Stored records
****

(* The embedding is continuous: ell^1-close sequences have images within
   2 (1/2)^K of each other. *)
Lemma emb_continuous p : in_ell1 N p -> forall eps : R, 0 < eps ->
  exists delta : R, 0 < delta /\ forall q, in_ell1 N q ->
    ell1_norm N (Defs.seq_sub q p) < delta -> Rabs (emb q - emb p) < eps.
Proof.
move=> hp eps heps.
have [K hK] := pow_lt_1_zero (/ 2) ltac:(rewrite Rabs_pos_eq; lra) (eps / 2) ltac:(lra).
have := hK K (le_n K); rewrite Rabs_pos_eq; last by apply: pow_le; lra.
have [delta [hdelta hshape]] := ell1_small_shape K.
move=> hKeps; exists delta; split => // q hq hn.
have [hzero hball] := hshape _ (ell1_sub HN hq hp) hn.
by rewrite -emb_sub //; have := emb_small hzero hball; lra.
Qed.

End ProperNorm.

Theorem mainTheorem15 (N : rat -> R) (HN : proper_norm N) :
  ell1_embeds_in_R N /\ ~ R_embeds_in_ell1 N.
Proof.
split; last exact: not_R_embeds.
exists (emb HN); split; [|split; [|split]].
- exact: emb_add.
- by move=> r q _; apply: emb_scale.
- move=> p q hp hq he.
  have hd := ell1_sub (proj1 HN) hp hq.
  have h0 : emb HN (Defs.seq_sub p q) = 0 by rewrite emb_sub // he; lra.
  by apply: functional_extensionality => k; apply: qsub_eq0; exact: (emb_kernel hd h0 k).
- exact: emb_continuous.
Qed.
Lemma excess_halving_right s t : 0 <= s -> s <= t -> t <= 1 ->
  exists2 z, s <= z <= t & excess z t (f t) = excess s t (f t) / 2.
Proof.
move=> s0 st t1; have E0 := excess_ge0 s0 st t1 (or_intror erefl).
pose g z := - P * z + f z + (P * t - f t).
have gE z : g z = excess z t (f t) by rewrite /g /excess; ring.
have g_cont : {within `[s, t], continuous g}.
  by apply: tilted_continuous; rewrite ?normrN ?ger0_norm.
have g_range : Num.min (g s) (g t) <= excess s t (f t) / 2 <= Num.max (g s) (g t).
  have gt0 : g t = 0 by rewrite /g; ring.
  by rewrite gt0 gE ge_min le_max; apply/andP; split; apply/orP; [right|left]; lra.
have [z /[!in_itv] /= zst gz] := IVT st g_cont g_range.
by exists z => //; rewrite -gE.
Qed.

Definition apex_bound_at_endpoint (j : nat) :=
  forall s t m : R, 0 <= s -> s <= t -> t <= 1 ->
  (forall x : R, s <= x -> x <= t -> f x <= m) -> f s = m \/ f t = m ->
  A s t <= m + excess s t m / 2 ^+ j + 2 * delta * j%:R.

Definition apex_bound_at_peak (j : nat) :=
  forall s tau t : R, 0 <= s -> s <= tau -> tau <= t -> t <= 1 ->
  (forall x : R, s <= x -> x <= t -> f x <= f tau) ->
  A s t <= f tau + excess s t (f tau) / 2 ^+ j + 2 * delta * j%:R + delta.

Lemma ler_div_pow2 (x y : R) j : x <= y -> x / 2 ^+ j <= y / 2 ^+ j.
Proof. by move=> xy; rewrite ler_wpM2r // invr_ge0 exprn_ge0. Qed.
(* With R(s) = (sI - A)^{-1}, one has H''(s) = 2 b^T R(s)^3 b, and likewise
   H_r''(s) = 2 (Q^T b)^T R_r(s)^3 (Q^T b) for the compressed system
   A_r = Q^T A Q.  Writing K = s_i I - A, the quantity b^T K^{-3} b is the
   K-energy of x1 = K^{-2} b, and the reduced one is the K-energy of the
   Galerkin approximation Q z of x1 in range Q (this uses that K^{-1} b lies
   in range Q, i.e. the interpolation property).  By K-orthogonality of the
   Galerkin error the difference is the energy of x1 - Q z, which is > 0
   as soon as K is positive definite and x1 is not in range Q. *)
From HB Require Import structures.
From mathcomp Require Import all_boot all_order all_algebra.
From mathcomp Require Import ring lra zify.
Import Order.TTheory GRing.Theory Num.Theory.
Local Open Scope ring_scope.
Set Implicit Arguments. Unset Strict Implicit.

Section Limits.
Variable R : rcfType.

(* [lim0 g l]: g h tends to l as h tends to 0 with h <> 0.  Note that
   [has_deriv f x l] is by definition [lim0] of the difference quotient. *)
Definition lim0 (g : R -> R) (l : R) : Prop :=
  forall e : R, 0 < e -> exists2 d : R, 0 < d &
    forall h : R, h != 0 -> `|h| < d -> `|g h - l| < e.

Lemma lim0_cst c : lim0 (fun _ => c) c.
Proof. by move=> e e_gt0; exists 1 => // h _ _; rewrite subrr normr0. Qed.

Lemma lim0_shift x : lim0 (fun h => x + h) x.
Proof. by move=> e e_gt0; exists e => // h _; rewrite addrAC subrr add0r. Qed.

Lemma lim0_eq_near g k l :
  (exists2 d0, 0 < d0 & forall h, h != 0 -> `|h| < d0 -> g h = k h) ->
  lim0 g l -> lim0 k l.
Proof.
move=> [d0 d0_gt0 gk] gl e e_gt0; have [d d_gt0 gle] := gl e e_gt0.
exists (Num.min d d0); first by rewrite lt_min d_gt0 d0_gt0.
by move=> h h0; rewrite lt_min => /andP[hd hd0]; rewrite -gk //; apply: gle.
Qed.

Lemma lim0D g k l m : lim0 g l -> lim0 k m -> lim0 (fun h => g h + k h) (l + m).
Proof.
move=> gl km e e_gt0; have e2_gt0 : 0 < e / 2 by rewrite divr_gt0.
have [d1 d1_gt0 gle] := gl _ e2_gt0; have [d2 d2_gt0 kme] := km _ e2_gt0.
exists (Num.min d1 d2); first by rewrite lt_min d1_gt0 d2_gt0.
move=> h h0; rewrite lt_min => /andP[hd1 hd2].
have := gle h h0 hd1; have := kme h h0 hd2.
have -> : g h + k h - (l + m) = (g h - l) + (k h - m) by ring.
by move=> ? ?; apply: le_lt_trans (ler_normD _ _) _; lra.
Qed.

Lemma lim0N g l : lim0 g l -> lim0 (fun h => - g h) (- l).
Proof.
move=> gl e e_gt0; have [d d_gt0 gle] := gl e e_gt0.
by exists d => // h h0 hd; rewrite -opprD normrN; apply: gle.
Qed.

Lemma lim0M g k l m : lim0 g l -> lim0 k m -> lim0 (fun h => g h * k h) (l * m).
Proof.
move=> gl km e e_gt0; set C := `|l| + `|m| + 1.
have C_gt0 : 0 < C by rewrite /C; have := normr_ge0 l; have := normr_ge0 m; lra.
set d := Num.min 1 (e / C).
have d_gt0 : 0 < d by rewrite lt_min ltr01 divr_gt0.
have d_le1 : d <= 1 by rewrite ge_min lexx.
have dC_le : d * C <= e by rewrite -ler_pdivlMr // ge_min lexx orbT.
have [d1 d1_gt0 gld] := gl _ d_gt0; have [d2 d2_gt0 kmd] := km _ d_gt0.
exists (Num.min d1 d2); first by rewrite lt_min d1_gt0 d2_gt0.
move=> h h0; rewrite lt_min => /andP[hd1 hd2].
have := gld h h0 hd1; have := kmd h h0 hd2.
have -> : g h * k h - l * m = (g h - l) * (k h - m) + (g h - l) * m + l * (k h - m).
  by ring.
set a := g h - l; set b := k h - m => b_lt a_lt.
have tri : `|a * b + a * m + l * b| <= `|a| * `|b| + `|a| * `|m| + `|l| * `|b|.
  by rewrite -!normrM; apply: le_trans (ler_normD _ _) _; rewrite lerD2r ler_normD.
apply: le_lt_trans tri _.
have := normr_ge0 a; have := normr_ge0 b; have := normr_ge0 l; have := normr_ge0 m.
rewrite /C in dC_le *; nra.
Qed.

Lemma lim0_away g l : lim0 g l -> l != 0 ->
  exists2 d, 0 < d & forall h, h != 0 -> `|h| < d -> `|l| / 2 < `|g h|.
Proof.
move=> gl l0; have l2_gt0 : 0 < `|l| / 2 by rewrite divr_gt0 ?normr_gt0.
have [d d_gt0 gle] := gl _ l2_gt0; exists d => // h h0 hd.
by have := gle h h0 hd; have := lerB_dist l (g h); rewrite distrC; lra.
Qed.

Lemma lim0V g l : lim0 g l -> l != 0 -> lim0 (fun h => (g h)^-1) l^-1.
Proof.
move=> gl l0 e e_gt0; have l_gt0 : 0 < `|l| by rewrite normr_gt0.
have [d0 d0_gt0 g_away] := lim0_away gl l0.
have el_gt0 : 0 < e * `|l| ^+ 2 / 2 by rewrite divr_gt0 // mulr_gt0 // exprn_gt0.
have [d1 d1_gt0 gle] := gl _ el_gt0.
exists (Num.min d0 d1); first by rewrite lt_min d0_gt0 d1_gt0.
move=> h h0; rewrite lt_min => /andP[hd0 hd1].
have gh_big := g_away h h0 hd0; have gh_near := gle h h0 hd1.
have gh_gt0 : 0 < `|g h| by apply: lt_trans gh_big; rewrite divr_gt0.
have gh0 : g h != 0 by rewrite -normr_gt0.
have -> : (g h)^-1 - l^-1 = (l - g h) / (g h * l) by field; apply/andP.
rewrite normrM normfV normrM ltr_pdivrMr ?mulr_gt0 // distrC.
have : e * `|l| ^+ 2 / 2 < e * (`|g h| * `|l|).
  by have := mulr_gt0 e_gt0 l_gt0; rewrite expr2; nra.
lra.
Qed.
Definition red2 (k : nat) (x : M2Zk k) : M2F2k k :=
  [ffun i => map_mx (fun z : int => (z%:~R : 'F_2)) (x i)].

Definition entries01 (k : nat) (x : M2Zk k) : Prop :=
  forall (i : 'I_k) (r c : 'I_2), x i r c = 0 \/ x i r c = 1.

From HB Require Import structures.
From mathcomp Require Import all_boot all_order all_algebra ring.
Import Order.TTheory GRing.Theory Num.Theory.
Set Implicit Arguments. Unset Strict Implicit. Unset Printing Implicit Defensive.
Local Open Scope ring_scope.

(* Write S for the subring generated by x and y. All that matters about a component of the
   pair is its 0/1 pattern, one of 256, and every fact about single patterns is decided by
   computation.

   If a pair (X, Y) generates M_2(F_2), the 4 x 4 determinant of the entries of 1, X, Y, XY
   equals det (XY - YX), which is odd, hence +-1 for 0/1 matrices: so 1, X, Y, XY is a Z-basis
   of M_2(Z) and S maps onto every factor. Two factors i <> j cannot carry GL_2(F_2)-conjugate
   generating pairs: conjugation would then relate the i-th and j-th components of everything
   generated mod 2, including the element that is 1 in factor i and 0 in factor j. For
   traceless 2 x 2 matrices u v + v u = tr (u v), so [a,b][c,d] + [c,d][a,b] is central, and
   its value in each factor is an integer trace invariant of the pattern; nine such invariants
   tell apart non-conjugate generating patterns by values differing by +-1, which produces an
   element of S equal to 1 in factor i and 0 in factor j. A subring of a finite product which
   maps onto every factor and separates any two factors in this way is the whole product. *)

Section RingSpan.
Variables (A : pzRingType) (gens : seq A).

Definition ring_span (a : A) : Prop :=
  exists l : seq (int * seq A),
    (forall p, p \in l -> {subset p.2 <= gens}) /\
    a = \sum_(p <- l) (word_eval p.2 *~ p.1).

Lemma ring_span_word (w : seq A) : {subset w <= gens} -> ring_span (word_eval w).
Proof.
move=> sw; exists [:: (1, w)]; split; first by move=> p; rewrite inE => /eqP ->.
by rewrite big_seq1.
Qed.

Lemma ring_span_gen g : g \in gens -> ring_span g.
Proof.
move=> gg; have := @ring_span_word [:: g]; rewrite /word_eval big_seq1; apply.
by move=> h; rewrite inE => /eqP ->.
Qed.

Lemma ring_span0 : ring_span 0.
Proof. by exists [::]; rewrite big_nil. Qed.

Lemma ring_spanD a b : ring_span a -> ring_span b -> ring_span (a + b).
Proof.
move=> [l1 [s1 ->]] [l2 [s2 ->]]; exists (l1 ++ l2); split; last by rewrite big_cat.
by move=> p; rewrite mem_cat => /orP [/s1|/s2].
Qed.

Lemma ring_spanMz a z : ring_span a -> ring_span (a *~ z).
Proof.
move=> [l [sl ->]]; exists [seq (p.1 * z, p.2) | p <- l]; split.
  by move=> _ /mapP [p lp ->]; exact: sl lp.
by rewrite big_map mulrz_suml; apply: eq_bigr => p _; rewrite mulrzA.
Qed.
(* There is an absolute constant $C\ge0$ such that the following holds. Assume $\bar u\in\mathbb{R}^n_{>0}$, $f:[0,\bar u]\to\mathbb{R}$ is differentiable, nonnegative, DR-submodular with $L$-Lipschitz gradient, $\mathcal{P}\subseteq[0,\bar u]$ is nonempty compact convex down-closed with diameter $D$, and $x^*\in\arg\max_{x\in\mathcal{P}}f(x)$. Running the non-monotone Frank-Wolfe procedure (defined in the context) with step size $\gamma\in(0,1]$, for every $k=1,\dots,K$, $$f(x^{(k)})\ge t^{(k)}e^{-t^{(k)}}f(x^* )-\frac{LD^2}{2}k\gamma^2-C\gamma^2 f(x^* ).$$
   Context: Inequalities between vectors are componentwise. Down-closed: $x\in\mathcal{P}$, $0\le y\le x$ imply $y\in\mathcal{P}$; diameter $D=\max_{x,y\in\mathcal{P}}\|x-y\|$. DR-submodular: for all $a\le b$ in the domain, $i\in[n]$, $k\ge0$ with $a+ke_i,b+ke_i$ in the domain, $f(a+ke_i)-f(a)\ge f(b+ke_i)-f(b)$. $L$-Lipschitz gradient: $\|\nabla f(x)-\nabla f(y)\|\le L\|x-y\|$. Non-monotone Frank-Wolfe with step size $\gamma\in(0,1]$: $x^{(0)}=0$, $t^{(0)}=0$; while $t^{(k)}<1$: choose $v^{(k)}\in\arg\max\{\langle v,\nabla f(x^{(k)})\rangle: v\in\mathcal{P},\ v\le\bar u-x^{(k)}\}$, set $\gamma_k=\min\{\gamma,1-t^{(k)}\}$, $x^{(k+1)}=x^{(k)}+\gamma_k v^{(k)}$, $t^{(k+1)}=t^{(k)}+\gamma_k$. $K$ is the total number of iterations ($t^{(K)}=1$). *)

From Stdlib Require Import Reals.
From mathcomp Require Import all_boot.
Set Implicit Arguments.
Unset Strict Implicit.
Unset Printing Implicit Defensive.
Open Scope R_scope.

Definition vec (n : nat) := 'I_n -> R.

Definition vzero (n : nat) : vec n := fun _ => 0.
Arguments vzero n _ : clear implicits.
Definition vadd n (x y : vec n) : vec n := fun i => x i + y i.
Definition vsub n (x y : vec n) : vec n := fun i => x i - y i.
Definition vscale n (a : R) (x : vec n) : vec n := fun i => a * x i.

Definition dot n (x y : vec n) : R := \big[Rplus/0]_(i < n) (x i * y i).
Definition norm n (x : vec n) : R := sqrt (dot x x).

Definition vle n (x y : vec n) : Prop := forall i, x i <= y i.

Definition in_box n (u x : vec n) : Prop := vle (vzero n) x /\ vle x u.

Definition shift n (x : vec n) (i : 'I_n) (k : R) : vec n :=
  fun j => if j == i then x j + k else x j.

Definition has_gradient n (u : vec n) (f : vec n -> R) (g : vec n -> vec n) : Prop :=
  forall x, in_box u x ->
  forall eps, 0 < eps -> exists delta, 0 < delta /\
    forall y, in_box u y -> norm (vsub y x) < delta ->
      Rabs (f y - f x - dot (g x) (vsub y x)) <= eps * norm (vsub y x).

Definition DR_submodular n (u : vec n) (f : vec n -> R) : Prop :=
  forall a b (i : 'I_n) (k : R),
    in_box u a -> in_box u b -> vle a b -> 0 <= k ->
    in_box u (shift a i k) -> in_box u (shift b i k) ->
    f (shift a i k) - f a >= f (shift b i k) - f b.

Definition lipschitz_grad n (u : vec n) (g : vec n -> vec n) (L : R) : Prop :=
  forall x y, in_box u x -> in_box u y ->
    norm (vsub (g x) (g y)) <= L * norm (vsub x y).

Definition closed_set n (P : vec n -> Prop) : Prop :=
  forall (s : nat -> vec n) (x : vec n),
    (forall m, P (s m)) ->
    (forall eps, 0 < eps -> exists N, forall m, (N <= m)%nat -> norm (vsub (s m) x) < eps) ->
    P x.
Definition bounded_set n (P : vec n -> Prop) : Prop :=
  exists M, forall x, P x -> norm x <= M.
(* compact in R^n = closed and bounded (Heine-Borel) *)
Definition compact_set n (P : vec n -> Prop) : Prop := closed_set P /\ bounded_set P.
Definition convex_set n (P : vec n -> Prop) : Prop :=
  forall x y (lam : R), P x -> P y -> 0 <= lam <= 1 ->
    P (vadd (vscale lam x) (vscale (1 - lam) y)).
Definition down_closed n (P : vec n -> Prop) : Prop :=
  forall x y, P x -> vle (vzero n) y -> vle y x -> P y.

****

Look through the entries above and quote exactly the lines from the line with "have [delta [hdelta" to the line with "Lemma excess_halving_right s", counting both of those lines.

Written reply =
have [delta [hdelta hshape]] := ell1_small_shape K.
move=> hKeps; exists delta; split => // q hq hn.
have [hzero hball] := hshape _ (ell1_sub HN hq hp) hn.
by rewrite -emb_sub //; have := emb_small hzero hball; lra.
Qed.

End ProperNorm.

Theorem mainTheorem15 (N : rat -> R) (HN : proper_norm N) :
  ell1_embeds_in_R N /\ ~ R_embeds_in_ell1 N.
Proof.
split; last exact: not_R_embeds.
exists (emb HN); split; [|split; [|split]].
- exact: emb_add.
- by move=> r q _; apply: emb_scale.
- move=> p q hp hq he.
  have hd := ell1_sub (proj1 HN) hp hq.
  have h0 : emb HN (Defs.seq_sub p q) = 0 by rewrite emb_sub // he; lra.
  by apply: functional_extensionality => k; apply: qsub_eq0; exact: (emb_kernel hd h0 k).
- exact: emb_continuous.
Qed.
Lemma excess_halving_right s t : 0 <= s -> s <= t -> t <= 1 ->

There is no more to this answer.